== DATA PROVIDED ==

(* Let $\pi$ be a projective plane of order $q$, and let $n,s,t\in\mathbb{N}$ be such that $q=(n+1)^2$ and $q\ge s,t>q-n$. Then, for $s\ne t$, \[ n_\pi(K_{s,t})=2\binom{q^2+q+1}{2}\binom{q}{s}\binom{q}{t}, \] and \[ n_\pi(K_{s,s})=\binom{q^2+q+1}{2}\binom{q}{s}^2. \]
   Context: $K_{s,t}$ is the complete bipartite graph with classes of sizes $s,t$. A finite projective plane of order $q$ has $q^2+q+1$ points and lines, $q+1$ points on each line and $q+1$ lines through each point; any two distinct points lie on a unique line and any two lines meet in a unique point. An embedding of a simple graph $G=(V,E)$ into $\pi$ is an injective map $\phi$ from $V$ to the points of $\pi$ such that the induced map sending an edge $ab$ to the line through $\phi(a),\phi(b)$ is injective on $E$. Two embeddings $\phi,\psi$ are equivalent if $\psi=\phi\circ\alpha$ for some graph automorphism $\alpha$ of $G$; $n_\pi(G)$ is the number of equivalence classes (equivalently, the number of distinct images of $G$ in $\pi$). *)

From mathcomp Require Import all_boot all_order all_fingroup.
Set Implicit Arguments. Unset Strict Implicit. Unset Printing Implicit Defensive.

Section Defs.
Variables (P L : finType) (inc : P -> L -> bool).

Definition is_proj_plane (q : nat) : Prop :=
  [/\ #|P| = q ^ 2 + q + 1 /\ #|L| = q ^ 2 + q + 1,
      (forall l : L, #|[set p : P | inc p l]| = q.+1),
      (forall p : P, #|[set l : L | inc p l]| = q.+1),
      (forall p1 p2 : P, p1 != p2 -> exists! l : L, inc p1 l && inc p2 l) &
      (forall l1 l2 : L, l1 != l2 -> exists! p : P, inc p l1 && inc p l2)].

Definition lineof (a b : P) : option L := [pick l | inc a l && inc b l].

Variables (V : finType) (e : rel V).

(* embedding: injective on vertices, and the induced edge -> line map
   (edges being unordered pairs {x,y} with e x y) is injective *)
Definition embedding (phi : {ffun V -> P}) : bool :=
  injectiveb phi &&
  [forall x, forall y, forall u, forall v,
     [&& e x y, e u v & lineof (phi x) (phi y) == lineof (phi u) (phi v)] ==>
     (((x == u) && (y == v)) || ((x == v) && (y == u)))].

Definition graph_aut (a : {perm V}) : bool :=
  [forall x, forall y, e (a x) (a y) == e x y].

Definition emb_class (phi : {ffun V -> P}) : {set {ffun V -> P}} :=
  [set psi : {ffun V -> P} |
     [exists a : {perm V}, graph_aut a && (psi == [ffun x => phi (a x)])]].

Definition n_pi : nat :=
  #|[set emb_class phi | phi in [set phi : {ffun V -> P} | embedding phi]]|.

End Defs.

Definition Kst (s t : nat) : rel ('I_s + 'I_t)%type :=
  fun x y => match x, y with
             | inl _, inr _ | inr _, inl _ => true
             | _, _ => false
             end.
Arguments Kst s t : clear implicits.

From mathcomp Require Import all_boot all_order all_fingroup.
From mathcomp Require Import zify.
Set Implicit Arguments. Unset Strict Implicit. Unset Printing Implicit Defensive.

(* Let A and B be the images of the two sides of an embedded K_{s,t}. As distinct edges
   give distinct lines, a line through a point of A meets B at most once, and vice versa.
   Through a point a of A, the |B| >= q + 1 - n lines towards B then leave at most n lines
   meeting A again; if A were not collinear, each of them would contain at most n points
   of A, so |A| <= n (n - 1) + 1 < s. Hence A lies on a line l1 and B on a line l2, and
   neither set meets the other line. Conversely every such pair (A, B) comes from an
   embedding, and two embeddings are equivalent exactly when they give the same unordered
   pair {A, B}. Counting ordered pairs of distinct lines and the choices of A and B among
   the q points of each line off the other gives the formula, halved when s = t because
   (A, B) and (B, A) then define the same class. *)

Section ProjectivePlane.
Variables (P L : finType) (inc : P -> L -> bool) (q : nat).
Hypothesis plane : is_proj_plane inc q.

Definition pts (l : L) : {set P} := [set p | inc p l].
(* The filler ring through the uncovered cell contains a solid cell of [B0]
   unless it is centred on the hole; then its second level is [6 t] or
   [6 t + 2 n], where the cell is covered by the alpha or a gamma blocker. *)
Lemma aligned_hole_absurd s i e t : Nat.gcd n 6 = 1%nat -> listed K i e -> ~ aligned s e t.
Proof.
  intros Hcop Hi Hal.
  pose proof (aligned_hole_uncovered s i e t Hcop Hi Hal) as Hh%filled_iff.
  pose proof (aligned_hole_top_covered s i e t) as Htop.
  destruct (hole_center K s i) as [cx cy] eqn:Ec. cbn [fst snd] in Hh, Htop.
  destruct (filler_ring n W' _ _ _ W'_nonoverlap Hh) as ([qx qy] & ez & Hq & Hez & Hring & _).
  unfold ring, O2 in Hq; cbn [fst snd] in Hq.
  assert (Hsolid : forall x y h,
            solid (mK K) (x - L * fst s) (y - 5 * snd s) -> ~ filled (x, y, h)).
  { intros x y h Hxy Hf. apply (proj2 (filled_iff _) Hf).
    destruct e as [g [[a b] c]]. apply (covered_solid s (t + a)); [|exact Hxy].
    rewrite <- (add2_src0 s). apply Hal. now left. }
  assert (Hcx : cx = L * fst s + 3 * Z.of_nat i - 1 /\ cy = 5 * snd s + 2).
  { unfold hole_center in Ec. now injection Ec as <- <-. }
  destruct (Z.eq_dec qy (cy + 2)) as [-> | Hqy].
  { apply (Hsolid (qx + 1) (cy + 2) (6 * t + N)).
    - replace (cy + 2 - 5 * snd s) with 4 by lia. apply solid_top_row.
      unfold brick_width in *. destruct Hi as [Hi _]. lia.
    - apply Hring. unfold ring, O2; cbn [fst snd]. lia. }
  destruct (classic (qx = cx /\ qy = cy)) as [[-> ->] | Hqc].
  - destruct (Hring cx (cy + 1)) as [_ Hf]; [unfold ring, O2; cbn [fst snd]; lia|].
    apply (proj2 (filled_iff _) Hf), Htop; [exact Hi | exact Hal | lia].
  - apply (Hsolid cx cy (6 * t + N)).
    + replace (cx - L * fst s) with (3 * Z.of_nat i - 1) by lia.
      replace (cy - 5 * snd s) with 2 by lia. apply solid_hole_center, Hi.
    + apply Hring. unfold ring, O2; cbn [fst snd]. lia.
Qed.
(* Let $\vec{\mathcal U}\in\Upsilon$ be full and let $\theta,\phi\in L$. Then $\phi\in Bel(\preceq_{\vec{\mathcal U}}*\preceq_{\{\theta\}})$ if and only if $\theta\mid\!\sim_{\vec{\mathcal U}}\phi$.
   Context: $L$ is a propositional language built from a finite set of propositional variables with the connectives $\neg,\wedge,\vee,\rightarrow,\top,\bot$; $W$ is the finite set of propositional worlds. For $\theta\in L$, $S_\theta=\{w\in W\mid w\models\theta\}$; $E\models\phi$ means $\bigcap_{\theta\in E}S_\theta\subseteq S_\phi$; $\models\phi$ means $\emptyset\models\phi$; $E$ is consistent iff $E\not\models\bot$. Sequences: finite sequences $\vec{\mathcal U}=(\mathcal U_0,\ldots,\mathcal U_k)$ of mutually disjoint subsets of $W$ (components may be empty, possibly repeatedly). $\mathrm{rank}^{\vec{\mathcal U}}(\theta)$ is the least $i$ with $\mathcal U_i\cap S_\theta\neq\emptyset$, $\infty$ if none ($i<\infty$ for all integers $i$). $\theta\mid\!\sim_{\vec{\mathcal U}}\phi$ iff $\mathrm{rank}^{\vec{\mathcal U}}(\theta)<\mathrm{rank}^{\vec{\mathcal U}}(\theta\wedge\neg\phi)$ or $\mathrm{rank}^{\vec{\mathcal U}}(\theta)=\infty$. $\vec{\mathcal U}$ is full iff $\bigcup_i\mathcal U_i=W$, empty iff $\bigcup_i\mathcal U_i=\emptyset$; $\Upsilon$ is the set of sequences which are full or empty. For $\vec{\mathcal U}\in\Upsilon$, $\theta\preceq_{\vec{\mathcal U}}\phi$ iff (not $\neg\theta\vee\neg\phi\mid\!\sim_{\vec{\mathcal U}}\theta$) or $\neg\phi\mid\!\sim_{\vec{\mathcal U}}\bot$. E-relation: a relation $\preceq\subseteq L\times L$ such that for all $\theta,\phi,\psi$: (E1) transitivity; (E2) $\theta\models\phi$ implies $\theta\preceq\phi$; (E3) $\theta\preceq\theta\wedge\phi$ or $\phi\preceq\theta\wedge\phi$; (E4) if $\bot\prec\psi$ for some $\psi$, then $\theta\preceq\phi$ for all $\theta$ implies $\models\phi$; $\prec$ is the strict part. Belief set: $Bel(\preceq)=\{\theta\mid\bot\prec\theta\}$ if $\bot\prec\theta$ for some $\theta$, and $Bel(\preceq)=L$ otherwise. Sequence revision: for $\vec{\mathcal U}=(\mathcal U_0,\ldots,\mathcal U_k)$, $\vec{\mathcal V}=(\mathcal V_0,\ldots,\mathcal V_m)$ in $\Upsilon$, if $\vec{\mathcal U}$ is full then $\vec{\mathcal U}*\vec{\mathcal V}=(\mathcal U_0\cap\mathcal V_0,\ldots,\mathcal U_k\cap\mathcal V_0,\ \ldots,\ \mathcal U_0\cap\mathcal V_m,\ldots,\mathcal U_k\cap\mathcal V_m)$; otherwise $\vec{\mathcal U}*\vec{\mathcal V}=\vec{\mathcal V}$. Revision of E-relations: every E-relation equals $\preceq_{\vec{\mathcal U}}$ for some $\vec{\mathcal U}\in\Upsilon$, and $\preceq_K*\preceq_E:=\preceq_{\vec{\mathcal U}*\vec{\mathcal V}}$ for any $\vec{\mathcal U},\vec{\mathcal V}\in\Upsilon$ with $\preceq_K=\preceq_{\vec{\mathcal U}}$, $\preceq_E=\preceq_{\vec{\mathcal V}}$ (independent of the choice). Relation generated by a set $E\subseteq L$: $\theta\prec_E\phi$ iff $E\not\models\bot$, $\not\models\theta$, and for every $E'\subseteq E$ with $E'\cup\{\neg\phi\}$ consistent there is $E''\subseteq E$ with $|E'|<|E''|$ and $E''\cup\{\neg\theta\}$ consistent; $\theta\preceq_E\phi$ iff not $\phi\prec_E\theta$. (For finite $E$, $\preceq_E$ is an E-relation.) In particular $\preceq_{\{\theta\}}$ is this relation for $E=\{\theta\}$. *)

From HB Require Import structures.
From mathcomp Require Import all_boot.
Set Implicit Arguments.
Unset Strict Implicit.
Unset Printing Implicit Defensive.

===

Above are the records; copy exactly the lines from the line with "(forall p : P, #|[set" through the line with "inl _ => true", both included.

      (forall p : P, #|[set l : L | inc p l]| = q.+1),
      (forall p1 p2 : P, p1 != p2 -> exists! l : L, inc p1 l && inc p2 l) &
      (forall l1 l2 : L, l1 != l2 -> exists! p : P, inc p l1 && inc p l2)].

Definition lineof (a b : P) : option L := [pick l | inc a l && inc b l].

Variables (V : finType) (e : rel V).

(* embedding: injective on vertices, and the induced edge -> line map
   (edges being unordered pairs {x,y} with e x y) is injective *)
Definition embedding (phi : {ffun V -> P}) : bool :=
  injectiveb phi &&
  [forall x, forall y, forall u, forall v,
     [&& e x y, e u v & lineof (phi x) (phi y) == lineof (phi u) (phi v)] ==>
     (((x == u) && (y == v)) || ((x == v) && (y == u)))].

Definition graph_aut (a : {perm V}) : bool :=
  [forall x, forall y, e (a x) (a y) == e x y].

Definition emb_class (phi : {ffun V -> P}) : {set {ffun V -> P}} :=
  [set psi : {ffun V -> P} |
     [exists a : {perm V}, graph_aut a && (psi == [ffun x => phi (a x)])]].

Definition n_pi : nat :=
  #|[set emb_class phi | phi in [set phi : {ffun V -> P} | embedding phi]]|.

End Defs.

Definition Kst (s t : nat) : rel ('I_s + 'I_t)%type :=
  fun x y => match x, y with
             | inl _, inr _ | inr _, inl _ => true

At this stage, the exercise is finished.